(Exercise data begins)

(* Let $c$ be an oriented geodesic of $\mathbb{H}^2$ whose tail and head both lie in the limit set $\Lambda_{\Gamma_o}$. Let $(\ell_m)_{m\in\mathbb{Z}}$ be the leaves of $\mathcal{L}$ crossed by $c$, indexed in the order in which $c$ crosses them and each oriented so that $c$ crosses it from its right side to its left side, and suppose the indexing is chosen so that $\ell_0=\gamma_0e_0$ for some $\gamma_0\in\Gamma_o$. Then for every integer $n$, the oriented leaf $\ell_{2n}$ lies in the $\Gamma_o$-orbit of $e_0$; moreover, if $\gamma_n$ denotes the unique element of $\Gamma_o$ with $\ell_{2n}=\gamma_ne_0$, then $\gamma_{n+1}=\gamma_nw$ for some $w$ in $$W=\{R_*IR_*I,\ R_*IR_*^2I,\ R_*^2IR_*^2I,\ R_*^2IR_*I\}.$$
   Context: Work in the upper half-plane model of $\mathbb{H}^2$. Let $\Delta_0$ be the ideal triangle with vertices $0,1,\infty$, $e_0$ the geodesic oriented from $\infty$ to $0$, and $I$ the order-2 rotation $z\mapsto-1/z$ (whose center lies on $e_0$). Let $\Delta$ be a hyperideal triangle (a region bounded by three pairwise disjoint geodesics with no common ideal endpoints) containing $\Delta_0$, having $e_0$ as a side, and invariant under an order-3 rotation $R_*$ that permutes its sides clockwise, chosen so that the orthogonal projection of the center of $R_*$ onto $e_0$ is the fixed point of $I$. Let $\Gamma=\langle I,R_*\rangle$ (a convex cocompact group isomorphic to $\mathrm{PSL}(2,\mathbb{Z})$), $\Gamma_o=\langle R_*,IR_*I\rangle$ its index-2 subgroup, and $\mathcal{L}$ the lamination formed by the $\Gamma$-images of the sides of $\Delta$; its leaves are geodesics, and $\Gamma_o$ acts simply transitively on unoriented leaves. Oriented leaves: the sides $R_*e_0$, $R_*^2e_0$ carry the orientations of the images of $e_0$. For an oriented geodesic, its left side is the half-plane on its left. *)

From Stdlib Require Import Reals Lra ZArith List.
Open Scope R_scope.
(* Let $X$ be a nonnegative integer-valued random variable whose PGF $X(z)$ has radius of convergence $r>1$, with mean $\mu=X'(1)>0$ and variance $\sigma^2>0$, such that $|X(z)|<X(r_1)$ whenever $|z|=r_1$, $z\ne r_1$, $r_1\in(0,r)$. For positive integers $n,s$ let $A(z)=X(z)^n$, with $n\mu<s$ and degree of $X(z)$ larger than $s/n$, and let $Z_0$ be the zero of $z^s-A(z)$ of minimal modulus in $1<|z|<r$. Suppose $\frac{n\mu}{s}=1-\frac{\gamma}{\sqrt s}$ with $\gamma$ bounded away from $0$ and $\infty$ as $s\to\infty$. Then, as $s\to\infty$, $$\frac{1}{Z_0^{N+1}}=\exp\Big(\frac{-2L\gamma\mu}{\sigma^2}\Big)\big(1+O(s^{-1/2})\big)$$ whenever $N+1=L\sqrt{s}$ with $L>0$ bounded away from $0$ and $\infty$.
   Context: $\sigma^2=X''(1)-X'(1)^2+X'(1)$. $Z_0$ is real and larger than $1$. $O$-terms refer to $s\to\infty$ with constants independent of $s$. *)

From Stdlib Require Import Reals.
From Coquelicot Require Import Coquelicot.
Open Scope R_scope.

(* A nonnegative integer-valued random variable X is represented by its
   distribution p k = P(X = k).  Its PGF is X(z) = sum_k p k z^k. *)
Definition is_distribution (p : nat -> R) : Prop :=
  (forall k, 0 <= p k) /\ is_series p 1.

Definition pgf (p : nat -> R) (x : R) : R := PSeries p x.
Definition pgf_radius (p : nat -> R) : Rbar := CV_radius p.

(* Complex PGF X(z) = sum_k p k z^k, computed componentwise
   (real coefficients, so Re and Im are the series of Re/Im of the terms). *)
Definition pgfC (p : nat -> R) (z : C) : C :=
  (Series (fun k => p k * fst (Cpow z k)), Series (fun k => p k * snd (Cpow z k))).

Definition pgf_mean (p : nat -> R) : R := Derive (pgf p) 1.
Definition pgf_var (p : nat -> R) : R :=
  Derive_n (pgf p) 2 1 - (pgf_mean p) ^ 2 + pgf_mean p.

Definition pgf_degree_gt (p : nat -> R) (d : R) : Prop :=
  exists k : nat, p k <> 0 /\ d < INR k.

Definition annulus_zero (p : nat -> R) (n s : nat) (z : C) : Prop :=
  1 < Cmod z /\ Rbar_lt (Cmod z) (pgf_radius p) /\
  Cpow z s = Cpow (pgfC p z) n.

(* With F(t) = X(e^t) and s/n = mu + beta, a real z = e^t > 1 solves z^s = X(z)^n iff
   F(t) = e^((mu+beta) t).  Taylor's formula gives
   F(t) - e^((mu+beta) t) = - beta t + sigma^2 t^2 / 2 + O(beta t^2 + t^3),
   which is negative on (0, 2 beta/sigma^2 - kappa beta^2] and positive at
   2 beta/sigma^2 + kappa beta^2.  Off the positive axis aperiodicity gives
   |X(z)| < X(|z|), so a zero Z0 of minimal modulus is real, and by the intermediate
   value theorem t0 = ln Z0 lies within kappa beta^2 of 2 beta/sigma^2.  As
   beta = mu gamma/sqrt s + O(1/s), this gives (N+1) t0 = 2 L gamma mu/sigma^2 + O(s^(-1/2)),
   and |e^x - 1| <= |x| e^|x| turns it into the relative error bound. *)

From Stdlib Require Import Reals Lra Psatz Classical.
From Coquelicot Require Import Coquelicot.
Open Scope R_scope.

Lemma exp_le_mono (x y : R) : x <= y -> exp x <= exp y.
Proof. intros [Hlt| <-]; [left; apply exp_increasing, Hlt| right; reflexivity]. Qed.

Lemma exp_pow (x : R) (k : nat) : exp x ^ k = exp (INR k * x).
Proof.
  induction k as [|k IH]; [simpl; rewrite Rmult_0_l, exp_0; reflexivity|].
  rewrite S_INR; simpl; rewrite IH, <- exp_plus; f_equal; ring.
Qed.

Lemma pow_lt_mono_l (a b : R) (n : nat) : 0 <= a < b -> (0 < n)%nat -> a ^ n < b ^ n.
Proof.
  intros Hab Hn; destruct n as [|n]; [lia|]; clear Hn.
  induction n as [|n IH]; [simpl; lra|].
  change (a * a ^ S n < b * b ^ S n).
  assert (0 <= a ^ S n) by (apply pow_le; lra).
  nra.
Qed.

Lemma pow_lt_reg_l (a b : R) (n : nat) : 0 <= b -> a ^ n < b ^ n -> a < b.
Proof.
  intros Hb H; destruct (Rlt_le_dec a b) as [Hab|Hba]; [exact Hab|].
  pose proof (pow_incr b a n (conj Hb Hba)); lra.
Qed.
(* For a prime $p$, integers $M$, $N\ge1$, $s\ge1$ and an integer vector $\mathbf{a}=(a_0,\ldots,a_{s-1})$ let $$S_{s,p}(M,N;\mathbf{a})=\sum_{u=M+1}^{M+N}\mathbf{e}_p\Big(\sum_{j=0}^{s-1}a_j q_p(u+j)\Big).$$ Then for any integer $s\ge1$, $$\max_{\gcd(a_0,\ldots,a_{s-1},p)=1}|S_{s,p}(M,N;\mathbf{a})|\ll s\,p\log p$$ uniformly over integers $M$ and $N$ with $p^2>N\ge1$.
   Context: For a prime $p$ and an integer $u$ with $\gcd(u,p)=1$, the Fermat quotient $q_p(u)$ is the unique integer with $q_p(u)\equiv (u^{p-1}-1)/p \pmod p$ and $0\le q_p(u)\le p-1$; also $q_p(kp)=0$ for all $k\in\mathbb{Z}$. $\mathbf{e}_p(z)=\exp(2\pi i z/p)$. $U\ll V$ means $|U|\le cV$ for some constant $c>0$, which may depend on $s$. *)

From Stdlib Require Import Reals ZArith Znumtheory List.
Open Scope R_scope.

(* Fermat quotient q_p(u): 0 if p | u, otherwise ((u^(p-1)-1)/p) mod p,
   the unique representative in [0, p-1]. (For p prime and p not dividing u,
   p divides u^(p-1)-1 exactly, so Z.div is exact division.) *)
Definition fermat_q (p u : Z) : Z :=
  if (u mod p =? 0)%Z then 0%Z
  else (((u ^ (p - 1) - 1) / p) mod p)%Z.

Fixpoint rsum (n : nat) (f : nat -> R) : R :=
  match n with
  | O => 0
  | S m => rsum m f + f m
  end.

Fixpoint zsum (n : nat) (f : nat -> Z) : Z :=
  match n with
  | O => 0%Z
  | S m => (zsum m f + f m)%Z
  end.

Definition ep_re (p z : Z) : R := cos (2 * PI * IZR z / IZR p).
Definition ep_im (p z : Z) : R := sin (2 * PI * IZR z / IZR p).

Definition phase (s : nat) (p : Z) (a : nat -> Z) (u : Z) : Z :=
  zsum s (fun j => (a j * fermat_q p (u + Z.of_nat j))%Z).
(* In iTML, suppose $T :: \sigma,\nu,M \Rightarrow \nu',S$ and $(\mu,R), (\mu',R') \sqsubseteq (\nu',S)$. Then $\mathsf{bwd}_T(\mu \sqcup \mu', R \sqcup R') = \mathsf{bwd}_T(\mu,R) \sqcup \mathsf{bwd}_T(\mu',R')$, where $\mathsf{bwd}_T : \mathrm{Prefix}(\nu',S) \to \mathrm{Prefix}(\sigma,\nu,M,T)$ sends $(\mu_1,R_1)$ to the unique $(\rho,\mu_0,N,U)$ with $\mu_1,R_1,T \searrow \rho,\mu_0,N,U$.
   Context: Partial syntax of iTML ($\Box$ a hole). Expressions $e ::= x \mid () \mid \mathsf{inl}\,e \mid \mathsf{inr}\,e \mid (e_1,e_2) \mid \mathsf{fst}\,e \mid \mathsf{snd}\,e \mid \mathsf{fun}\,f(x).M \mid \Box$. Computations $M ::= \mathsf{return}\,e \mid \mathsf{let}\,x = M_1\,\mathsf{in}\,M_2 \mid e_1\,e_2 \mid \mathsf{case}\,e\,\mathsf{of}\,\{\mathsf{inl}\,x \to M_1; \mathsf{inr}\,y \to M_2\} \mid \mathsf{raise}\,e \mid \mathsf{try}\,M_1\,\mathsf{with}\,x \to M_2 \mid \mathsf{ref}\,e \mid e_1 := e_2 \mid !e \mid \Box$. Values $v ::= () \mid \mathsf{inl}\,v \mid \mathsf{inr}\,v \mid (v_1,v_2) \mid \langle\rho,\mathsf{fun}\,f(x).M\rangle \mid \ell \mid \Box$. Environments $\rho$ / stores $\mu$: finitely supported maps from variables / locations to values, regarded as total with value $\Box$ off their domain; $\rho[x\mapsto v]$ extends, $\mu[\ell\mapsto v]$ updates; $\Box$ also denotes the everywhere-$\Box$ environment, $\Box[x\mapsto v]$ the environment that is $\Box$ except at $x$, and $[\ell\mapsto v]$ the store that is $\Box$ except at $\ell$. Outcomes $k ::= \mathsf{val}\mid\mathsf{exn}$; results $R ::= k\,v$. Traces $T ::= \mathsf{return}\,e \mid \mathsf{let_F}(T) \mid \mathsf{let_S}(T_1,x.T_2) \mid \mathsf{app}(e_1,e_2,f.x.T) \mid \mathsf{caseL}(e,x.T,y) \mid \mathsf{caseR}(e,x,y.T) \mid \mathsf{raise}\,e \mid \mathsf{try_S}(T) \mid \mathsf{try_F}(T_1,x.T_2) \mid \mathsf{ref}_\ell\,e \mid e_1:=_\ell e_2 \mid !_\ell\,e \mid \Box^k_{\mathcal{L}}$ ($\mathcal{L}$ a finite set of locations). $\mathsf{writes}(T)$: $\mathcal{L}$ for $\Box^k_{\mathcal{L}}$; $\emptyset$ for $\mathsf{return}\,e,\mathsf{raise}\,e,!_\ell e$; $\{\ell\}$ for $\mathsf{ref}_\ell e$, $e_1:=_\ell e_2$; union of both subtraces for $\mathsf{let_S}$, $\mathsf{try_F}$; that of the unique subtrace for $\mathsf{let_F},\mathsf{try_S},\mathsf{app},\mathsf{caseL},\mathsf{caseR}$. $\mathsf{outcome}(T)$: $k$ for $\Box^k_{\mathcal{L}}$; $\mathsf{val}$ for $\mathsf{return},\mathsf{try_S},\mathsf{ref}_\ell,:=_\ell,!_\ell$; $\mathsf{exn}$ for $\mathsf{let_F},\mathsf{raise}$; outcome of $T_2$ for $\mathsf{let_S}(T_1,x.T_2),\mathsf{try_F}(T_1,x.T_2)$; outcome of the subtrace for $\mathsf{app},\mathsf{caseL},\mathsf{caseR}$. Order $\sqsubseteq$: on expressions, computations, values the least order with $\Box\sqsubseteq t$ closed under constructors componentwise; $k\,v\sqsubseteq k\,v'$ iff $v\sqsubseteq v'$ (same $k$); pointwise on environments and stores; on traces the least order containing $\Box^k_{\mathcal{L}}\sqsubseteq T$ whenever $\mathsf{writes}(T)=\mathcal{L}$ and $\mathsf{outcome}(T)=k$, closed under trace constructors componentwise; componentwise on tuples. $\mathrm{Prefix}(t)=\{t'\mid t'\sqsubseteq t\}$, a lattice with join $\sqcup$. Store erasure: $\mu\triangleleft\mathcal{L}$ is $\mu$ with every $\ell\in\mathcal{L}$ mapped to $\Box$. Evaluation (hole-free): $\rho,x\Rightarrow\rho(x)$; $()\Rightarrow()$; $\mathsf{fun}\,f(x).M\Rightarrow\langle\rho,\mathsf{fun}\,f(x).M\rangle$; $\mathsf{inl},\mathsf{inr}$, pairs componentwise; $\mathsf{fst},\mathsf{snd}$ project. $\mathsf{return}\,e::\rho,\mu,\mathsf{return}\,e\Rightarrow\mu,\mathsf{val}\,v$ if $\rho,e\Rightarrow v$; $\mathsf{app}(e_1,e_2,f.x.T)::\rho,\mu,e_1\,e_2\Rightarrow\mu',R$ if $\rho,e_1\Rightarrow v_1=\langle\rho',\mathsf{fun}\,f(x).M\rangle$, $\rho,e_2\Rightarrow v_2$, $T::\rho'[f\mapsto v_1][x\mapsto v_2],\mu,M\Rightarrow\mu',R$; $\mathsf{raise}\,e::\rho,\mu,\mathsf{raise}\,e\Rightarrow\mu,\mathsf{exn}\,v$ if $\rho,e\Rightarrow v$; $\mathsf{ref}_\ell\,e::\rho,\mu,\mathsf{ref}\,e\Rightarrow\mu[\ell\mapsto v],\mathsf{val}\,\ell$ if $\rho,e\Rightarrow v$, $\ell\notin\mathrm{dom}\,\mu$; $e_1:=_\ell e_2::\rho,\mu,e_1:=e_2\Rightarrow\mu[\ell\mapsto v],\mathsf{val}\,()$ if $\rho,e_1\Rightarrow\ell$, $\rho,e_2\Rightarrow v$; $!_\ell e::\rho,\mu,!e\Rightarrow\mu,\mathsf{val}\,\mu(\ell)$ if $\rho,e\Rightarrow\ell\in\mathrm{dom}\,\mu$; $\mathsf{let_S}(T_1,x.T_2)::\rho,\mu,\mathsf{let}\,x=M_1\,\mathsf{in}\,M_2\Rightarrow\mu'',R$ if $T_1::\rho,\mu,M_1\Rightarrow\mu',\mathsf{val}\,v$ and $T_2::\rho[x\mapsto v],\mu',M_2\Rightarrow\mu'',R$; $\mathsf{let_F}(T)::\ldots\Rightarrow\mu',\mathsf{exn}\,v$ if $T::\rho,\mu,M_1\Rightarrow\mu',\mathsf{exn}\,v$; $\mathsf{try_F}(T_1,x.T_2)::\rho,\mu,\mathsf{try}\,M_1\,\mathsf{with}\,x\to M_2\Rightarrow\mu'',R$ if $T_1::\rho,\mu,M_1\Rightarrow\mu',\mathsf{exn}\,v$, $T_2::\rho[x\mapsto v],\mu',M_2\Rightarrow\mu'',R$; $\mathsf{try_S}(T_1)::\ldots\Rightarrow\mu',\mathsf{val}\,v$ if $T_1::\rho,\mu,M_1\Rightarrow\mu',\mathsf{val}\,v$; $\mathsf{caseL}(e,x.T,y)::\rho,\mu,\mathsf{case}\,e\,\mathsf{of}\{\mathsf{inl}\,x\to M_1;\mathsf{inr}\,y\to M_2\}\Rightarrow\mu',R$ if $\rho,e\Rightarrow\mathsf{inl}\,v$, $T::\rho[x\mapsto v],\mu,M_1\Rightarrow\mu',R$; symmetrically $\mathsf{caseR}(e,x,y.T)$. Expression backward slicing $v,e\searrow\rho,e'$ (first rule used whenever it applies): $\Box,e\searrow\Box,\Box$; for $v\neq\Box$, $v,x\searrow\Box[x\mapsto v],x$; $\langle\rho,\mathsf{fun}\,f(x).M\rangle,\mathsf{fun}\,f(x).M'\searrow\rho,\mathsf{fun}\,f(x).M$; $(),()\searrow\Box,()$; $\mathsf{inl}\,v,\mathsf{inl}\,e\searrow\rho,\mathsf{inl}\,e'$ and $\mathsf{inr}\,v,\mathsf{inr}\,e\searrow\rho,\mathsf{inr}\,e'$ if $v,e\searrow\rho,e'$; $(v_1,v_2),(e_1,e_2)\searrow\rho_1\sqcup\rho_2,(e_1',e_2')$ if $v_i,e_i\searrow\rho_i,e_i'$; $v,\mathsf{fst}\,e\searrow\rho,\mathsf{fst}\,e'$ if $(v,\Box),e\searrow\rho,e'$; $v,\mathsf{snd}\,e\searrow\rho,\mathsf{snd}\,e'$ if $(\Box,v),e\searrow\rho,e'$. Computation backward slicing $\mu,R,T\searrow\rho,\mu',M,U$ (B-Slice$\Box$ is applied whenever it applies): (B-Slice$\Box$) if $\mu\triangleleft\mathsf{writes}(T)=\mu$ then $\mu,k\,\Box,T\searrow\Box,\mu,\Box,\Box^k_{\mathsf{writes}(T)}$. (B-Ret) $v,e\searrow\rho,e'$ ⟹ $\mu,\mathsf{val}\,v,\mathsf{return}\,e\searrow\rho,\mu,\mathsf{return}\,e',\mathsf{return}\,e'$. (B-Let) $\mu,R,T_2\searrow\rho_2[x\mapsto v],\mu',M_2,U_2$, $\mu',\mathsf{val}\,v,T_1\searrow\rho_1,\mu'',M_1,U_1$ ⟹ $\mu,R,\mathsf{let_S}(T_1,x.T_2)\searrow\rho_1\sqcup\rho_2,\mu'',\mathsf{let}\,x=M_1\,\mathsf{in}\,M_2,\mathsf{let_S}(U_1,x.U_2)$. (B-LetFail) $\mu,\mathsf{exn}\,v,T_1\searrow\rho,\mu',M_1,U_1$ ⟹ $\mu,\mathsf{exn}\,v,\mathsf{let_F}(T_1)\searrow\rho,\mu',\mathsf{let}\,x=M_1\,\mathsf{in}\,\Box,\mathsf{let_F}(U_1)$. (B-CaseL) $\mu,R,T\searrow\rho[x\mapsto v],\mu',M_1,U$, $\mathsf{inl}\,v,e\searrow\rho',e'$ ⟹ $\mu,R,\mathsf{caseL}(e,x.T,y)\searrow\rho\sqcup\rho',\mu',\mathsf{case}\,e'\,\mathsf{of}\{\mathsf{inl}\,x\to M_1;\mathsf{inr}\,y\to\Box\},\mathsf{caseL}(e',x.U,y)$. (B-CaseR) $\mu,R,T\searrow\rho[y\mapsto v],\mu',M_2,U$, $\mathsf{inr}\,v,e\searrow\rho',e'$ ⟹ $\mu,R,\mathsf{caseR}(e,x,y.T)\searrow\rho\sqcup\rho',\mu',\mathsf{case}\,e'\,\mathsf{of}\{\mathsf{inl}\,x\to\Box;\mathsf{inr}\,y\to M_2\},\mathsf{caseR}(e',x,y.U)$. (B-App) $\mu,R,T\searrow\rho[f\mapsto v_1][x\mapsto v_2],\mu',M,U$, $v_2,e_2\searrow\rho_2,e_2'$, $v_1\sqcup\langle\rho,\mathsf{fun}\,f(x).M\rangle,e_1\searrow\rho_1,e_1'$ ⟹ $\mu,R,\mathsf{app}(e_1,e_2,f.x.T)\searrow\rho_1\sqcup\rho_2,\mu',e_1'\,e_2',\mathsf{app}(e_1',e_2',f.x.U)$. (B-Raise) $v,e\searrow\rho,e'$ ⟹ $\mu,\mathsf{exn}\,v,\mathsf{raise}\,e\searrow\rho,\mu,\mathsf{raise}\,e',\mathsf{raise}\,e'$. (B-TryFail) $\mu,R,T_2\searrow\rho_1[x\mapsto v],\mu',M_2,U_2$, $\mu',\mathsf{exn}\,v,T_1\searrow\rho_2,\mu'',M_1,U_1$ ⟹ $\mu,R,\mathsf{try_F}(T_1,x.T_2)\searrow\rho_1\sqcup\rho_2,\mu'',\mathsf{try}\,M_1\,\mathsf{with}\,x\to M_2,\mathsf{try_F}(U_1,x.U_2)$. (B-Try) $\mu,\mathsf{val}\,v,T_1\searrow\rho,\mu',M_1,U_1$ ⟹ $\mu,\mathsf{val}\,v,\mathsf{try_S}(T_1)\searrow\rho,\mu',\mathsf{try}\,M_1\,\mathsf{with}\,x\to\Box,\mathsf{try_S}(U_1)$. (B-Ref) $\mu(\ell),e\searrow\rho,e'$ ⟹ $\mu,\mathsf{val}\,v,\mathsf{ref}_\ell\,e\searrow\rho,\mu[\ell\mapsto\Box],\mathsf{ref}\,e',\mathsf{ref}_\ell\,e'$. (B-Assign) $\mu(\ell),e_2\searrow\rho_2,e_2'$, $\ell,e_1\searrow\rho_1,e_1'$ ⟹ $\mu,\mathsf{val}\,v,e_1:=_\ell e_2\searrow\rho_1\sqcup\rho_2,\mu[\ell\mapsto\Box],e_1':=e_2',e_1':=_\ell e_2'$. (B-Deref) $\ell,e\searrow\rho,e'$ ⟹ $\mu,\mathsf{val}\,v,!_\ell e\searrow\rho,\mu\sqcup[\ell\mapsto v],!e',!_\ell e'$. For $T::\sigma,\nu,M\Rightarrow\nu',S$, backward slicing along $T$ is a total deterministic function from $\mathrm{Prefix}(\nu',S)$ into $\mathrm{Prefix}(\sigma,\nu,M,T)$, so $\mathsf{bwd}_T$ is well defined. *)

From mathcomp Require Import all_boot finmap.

(Exercise data ends)

- [Exercise]: Every line of the entries above that includes "induction" should be copied.

- [Answer box]:
  induction k as [|k IH]; [simpl; rewrite Rmult_0_l, exp_0; reflexivity|].
  induction n as [|n IH]; [simpl; lra|].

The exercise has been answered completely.